== WHAT YOU SHOULD DO ==
Please copy out every line in the entries that includes the word "ConjStable".

+++++

Section LeftPolynomials.
Variables (D : unitRingType) (x : D).
Implicit Types (C R : D -> Prop).

Lemma lpolyD C k y z : lpoly C x k y -> lpoly C x k z -> lpoly C x k (y + z).
Proof.
elim=> [|i c y' Cc le_ik _ IHy] Pz; first by rewrite add0r.
by rewrite -addrA; apply: lpoly_cons => //; apply: IHy.
Qed.

Lemma lpoly_lmul C C' a k y :
  (forall c, C c -> C' (a * c)) -> lpoly C x k y -> lpoly C' x k (a * y).
Proof.
move=> CC'; elim=> [|i c y' Cc le_ik _ IHy]; first by rewrite mulr0; apply: lpoly0.
by rewrite mulrDr mulrA; apply: lpoly_cons => //; apply: CC'.
Qed.

Lemma lpolyN C k y : (forall c, C c -> C (- c)) -> lpoly C x k y -> lpoly C x k (- y).
Proof. by move=> CN Py; rewrite -mulN1r; apply: lpoly_lmul Py => c; rewrite mulN1r; apply: CN. Qed.

Lemma lpoly_widen C k l y : (k <= l)%N -> lpoly C x k y -> lpoly C x l y.
Proof.
move=> le_kl; elim=> [|i c y' Cc le_ik _ IHy]; first exact: lpoly0.
by apply: lpoly_cons => //; apply: leq_trans le_kl.
Qed.

Lemma lpoly_monomial C k i c : C c -> (i <= k)%N -> lpoly C x k (c * x ^+ i).
Proof. by move=> Cc le_ik; rewrite -[_ * _]addr0; apply: lpoly_cons => //; apply: lpoly0. Qed.

Section ConjStable.
Variable C : D -> Prop.
Hypotheses (Ux : x \is a GRing.unit) (Cconj : forall c, C c -> C (x * c * x^-1)).

Lemma lpoly_mulX k y : lpoly C x k y -> lpoly C x k.+1 (x * y).
Proof.
elim=> [|i c y' Cc le_ik _ IHy]; first by rewrite mulr0; apply: lpoly0.
have -> : x * (c * x ^+ i + y') = x * c * x^-1 * x ^+ i.+1 + x * y'.
  by rewrite mulrDr exprS !mulrA mulrVK.
by apply: lpoly_cons => //; apply: Cconj.
Qed.

Lemma lpoly_mulXn n k y : lpoly C x k y -> lpoly C x (n + k) (x ^+ n * y).
Proof.
move=> Py; elim: n => [|n IHn]; first by rewrite expr0 mul1r.
by rewrite exprS -mulrA addSn; apply: lpoly_mulX.
Qed.

Lemma lpolyM k l y z : (forall c d, C c -> C d -> C (c * d)) ->
  lpoly C x k y -> lpoly C x l z -> lpoly C x (k + l) (y * z).
Proof.
move=> CM; elim=> [|i c y' Cc le_ik _ IHy] Pz; first by rewrite mul0r; apply: lpoly0.
rewrite mulrDl; apply: lpolyD; last exact: IHy.
rewrite -mulrA; apply: (lpoly_lmul (CM c^~ Cc)).
by apply: lpoly_widen (lpoly_mulXn i Pz); rewrite leq_add2r.
Qed.

End ConjStable.

Lemma lpoly_splitX C k y : C 0 -> (forall c d, C c -> C d -> C (c + d)) ->
  lpoly C x k.+1 y -> exists y' c, [/\ lpoly C x k y', C c & y = y' + c * x ^+ k.+1].
Proof.
move=> C0 CD; elim=> [|i c y' Cc le_ik _ [z [c' [Pz Cc' ->]]]].
  by exists 0, 0; split=> //; [apply: lpoly0 | rewrite mul0r addr0].
have [-> | ne_ik] := eqVneq i k.+1.
  by exists z, (c + c'); split; [| apply: CD | rewrite mulrDl addrCA].
exists (c * x ^+ i + z), c'; split=> //; last by rewrite addrA.
by apply: lpoly_cons => //; rewrite -ltnS ltn_neqAle ne_ik.
Qed.

Lemma lpoly0E C y : C 0 -> (forall c d, C c -> C d -> C (c + d)) -> lpoly C x 0 y -> C y.
Proof.
move=> C0 CD; elim=> [|i c y' Cc le_i0 _ Cy'] //.
by move: le_i0; rewrite leqn0 => /eqP ->; rewrite expr0 mulr1; apply: CD.
Qed.

Lemma lpoly_reflect C k y :
  x \is a GRing.unit -> lpoly C x^-1 k y -> lpoly C x k (y * x ^+ k).
Proof.
move=> Ux; elim=> [|i c y' Cc le_ik _ IHy]; first by rewrite mul0r; apply: lpoly0.
rewrite mulrDl -mulrA mulr_exprV_expr //.
by apply: lpoly_cons => //; apply: leq_subr.
Qed.

Lemma lpoly_subring R k y : is_subring R -> R x -> lpoly R x k y -> R y.
Proof.
move=> subR Rx; elim=> [|i c y' Rc _ _ Ry']; first exact: subring0.
by apply: subringD => //; apply: subringM => //; apply: subringX.
Qed.

Lemma adjoin_subset R : subset_of R (adjoin R x).
Proof. by move=> r Rr; exists 0%N; rewrite -[r]mulr1 -(expr0 x); apply: lpoly_monomial. Qed.

Lemma adjoin_subring R : is_subring R -> x \is a GRing.unit ->
  (forall r, R r -> R (x * r * x^-1)) -> is_subring (adjoin R x).
Proof.
move=> subR Ux Rconj; split; [|split].
- exact: adjoin_subset (subring1 subR).
- move=> a b [k Pa] [l Pb]; exists (maxn k l); apply: lpolyD.
    by apply: lpoly_widen Pa; rewrite leq_maxl.
  by apply: lpolyN (lpoly_widen _ Pb) => [c|]; [apply: subringN | rewrite leq_maxr].
- move=> a b [k Pa] [l Pb]; exists (k + l)%N; apply: lpolyM => //.
  by move=> c d; apply: subringM.
Qed.

Lemma adjoinX R : is_subring R -> adjoin R x x.
Proof.
by move=> subR; exists 1%N; have := lpoly_monomial (subring1 subR) (leqnn 1); rewrite mul1r.
Qed.

End LeftPolynomials.

Definition lprincipal (D : unitRingType) (R : D -> Prop) (c : D) : D -> Prop :=
  fun z => exists r, R r /\ z = r * c.

Definition proper_in (D : unitRingType) (R I : D -> Prop) := exists x, R x /\ ~ I x.

Definition maximal_among (D : unitRingType) (R : D -> Prop) (K : (D -> Prop) -> Prop) I :=
  K I /\ proper_in R I /\ forall J, K J -> subset_of I J -> proper_in R J -> seteq J I.

Lemma maximal_among_greatest (D : unitRingType) (R : D -> Prop) K I0 :
  K I0 -> proper_in R I0 -> (forall I, K I -> proper_in R I -> subset_of I I0) ->
  maximal_among R K I0 /\ forall I, maximal_among R K I -> seteq I I0.
Proof.
move=> KI0 properI0 sub0; split.
  by split=> //; split=> // J KJ subI0J properJ y; split; [apply: sub0 | apply: subI0J].
move=> I [KI [properI maxI]] y; have subII0 := sub0 I KI properI.
by have := maxI I0 KI0 subII0 properI0 y; tauto.
Qed.

Section SubringIdeals.
Variables (D : unitRingType) (R : D -> Prop).
Hypothesis subR : is_subring R.

Lemma lprincipal_self c : lprincipal R c c.
Proof. by exists 1; split; [apply: subring1 | rewrite mul1r]. Qed.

+++++

== EXERCISE OUTPUT ==
Section ConjStable.
End ConjStable.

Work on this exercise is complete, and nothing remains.